# Required work
From the listing below, extract each line containing the string "forall".

# Extracted material
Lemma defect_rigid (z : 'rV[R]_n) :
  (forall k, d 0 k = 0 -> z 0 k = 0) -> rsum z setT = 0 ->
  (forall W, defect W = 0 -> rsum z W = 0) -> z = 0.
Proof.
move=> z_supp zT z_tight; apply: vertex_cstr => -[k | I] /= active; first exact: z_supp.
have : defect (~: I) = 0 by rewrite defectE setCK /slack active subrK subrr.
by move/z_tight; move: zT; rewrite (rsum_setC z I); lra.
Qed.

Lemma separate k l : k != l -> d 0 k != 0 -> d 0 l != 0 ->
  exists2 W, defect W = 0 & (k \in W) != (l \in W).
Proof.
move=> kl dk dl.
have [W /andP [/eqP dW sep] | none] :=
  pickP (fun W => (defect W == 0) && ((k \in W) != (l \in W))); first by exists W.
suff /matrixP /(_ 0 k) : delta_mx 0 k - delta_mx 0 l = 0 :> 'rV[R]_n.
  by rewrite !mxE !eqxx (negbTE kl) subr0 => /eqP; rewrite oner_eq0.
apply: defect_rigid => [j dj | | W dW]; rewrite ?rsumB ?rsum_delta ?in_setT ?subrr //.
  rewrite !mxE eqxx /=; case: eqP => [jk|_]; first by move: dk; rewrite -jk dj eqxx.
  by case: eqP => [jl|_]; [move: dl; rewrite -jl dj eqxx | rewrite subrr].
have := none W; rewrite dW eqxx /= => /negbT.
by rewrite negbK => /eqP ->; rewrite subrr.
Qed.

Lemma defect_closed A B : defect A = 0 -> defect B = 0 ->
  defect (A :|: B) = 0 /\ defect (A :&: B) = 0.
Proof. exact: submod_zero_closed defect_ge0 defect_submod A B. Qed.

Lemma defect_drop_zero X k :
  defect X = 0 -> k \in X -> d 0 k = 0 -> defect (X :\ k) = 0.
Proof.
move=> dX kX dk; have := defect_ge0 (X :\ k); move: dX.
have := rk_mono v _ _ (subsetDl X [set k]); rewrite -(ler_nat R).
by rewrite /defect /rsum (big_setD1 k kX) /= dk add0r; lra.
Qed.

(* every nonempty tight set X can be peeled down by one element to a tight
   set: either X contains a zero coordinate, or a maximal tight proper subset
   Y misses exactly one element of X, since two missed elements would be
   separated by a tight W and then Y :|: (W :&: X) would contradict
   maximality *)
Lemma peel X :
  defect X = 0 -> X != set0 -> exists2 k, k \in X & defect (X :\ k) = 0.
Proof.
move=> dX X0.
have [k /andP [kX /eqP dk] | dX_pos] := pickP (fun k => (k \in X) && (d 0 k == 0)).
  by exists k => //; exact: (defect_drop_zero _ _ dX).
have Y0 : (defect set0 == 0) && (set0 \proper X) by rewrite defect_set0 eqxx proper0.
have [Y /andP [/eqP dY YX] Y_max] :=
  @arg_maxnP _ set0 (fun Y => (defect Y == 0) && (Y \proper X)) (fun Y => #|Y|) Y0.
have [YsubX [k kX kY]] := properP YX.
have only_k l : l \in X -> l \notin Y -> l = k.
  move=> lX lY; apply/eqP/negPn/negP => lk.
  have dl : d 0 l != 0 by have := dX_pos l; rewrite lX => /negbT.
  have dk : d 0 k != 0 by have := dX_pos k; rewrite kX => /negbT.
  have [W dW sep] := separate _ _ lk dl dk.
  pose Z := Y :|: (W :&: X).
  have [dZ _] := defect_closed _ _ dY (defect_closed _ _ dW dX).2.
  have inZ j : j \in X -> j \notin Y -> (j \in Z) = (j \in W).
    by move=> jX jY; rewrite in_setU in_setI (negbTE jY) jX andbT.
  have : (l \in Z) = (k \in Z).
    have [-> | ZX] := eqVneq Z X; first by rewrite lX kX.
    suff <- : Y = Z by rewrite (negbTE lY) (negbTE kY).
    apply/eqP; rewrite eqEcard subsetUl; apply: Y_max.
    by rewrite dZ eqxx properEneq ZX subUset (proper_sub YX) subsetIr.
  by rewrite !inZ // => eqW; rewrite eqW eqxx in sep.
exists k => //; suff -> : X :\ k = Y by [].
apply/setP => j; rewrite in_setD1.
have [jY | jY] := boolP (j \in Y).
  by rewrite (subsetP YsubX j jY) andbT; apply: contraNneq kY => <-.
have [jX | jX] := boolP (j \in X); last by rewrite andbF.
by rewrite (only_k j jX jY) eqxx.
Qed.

# Answer box
  (forall k, d 0 k = 0 -> z 0 k = 0) -> rsum z setT = 0 ->
  (forall W, defect W = 0 -> rsum z W = 0) -> z = 0.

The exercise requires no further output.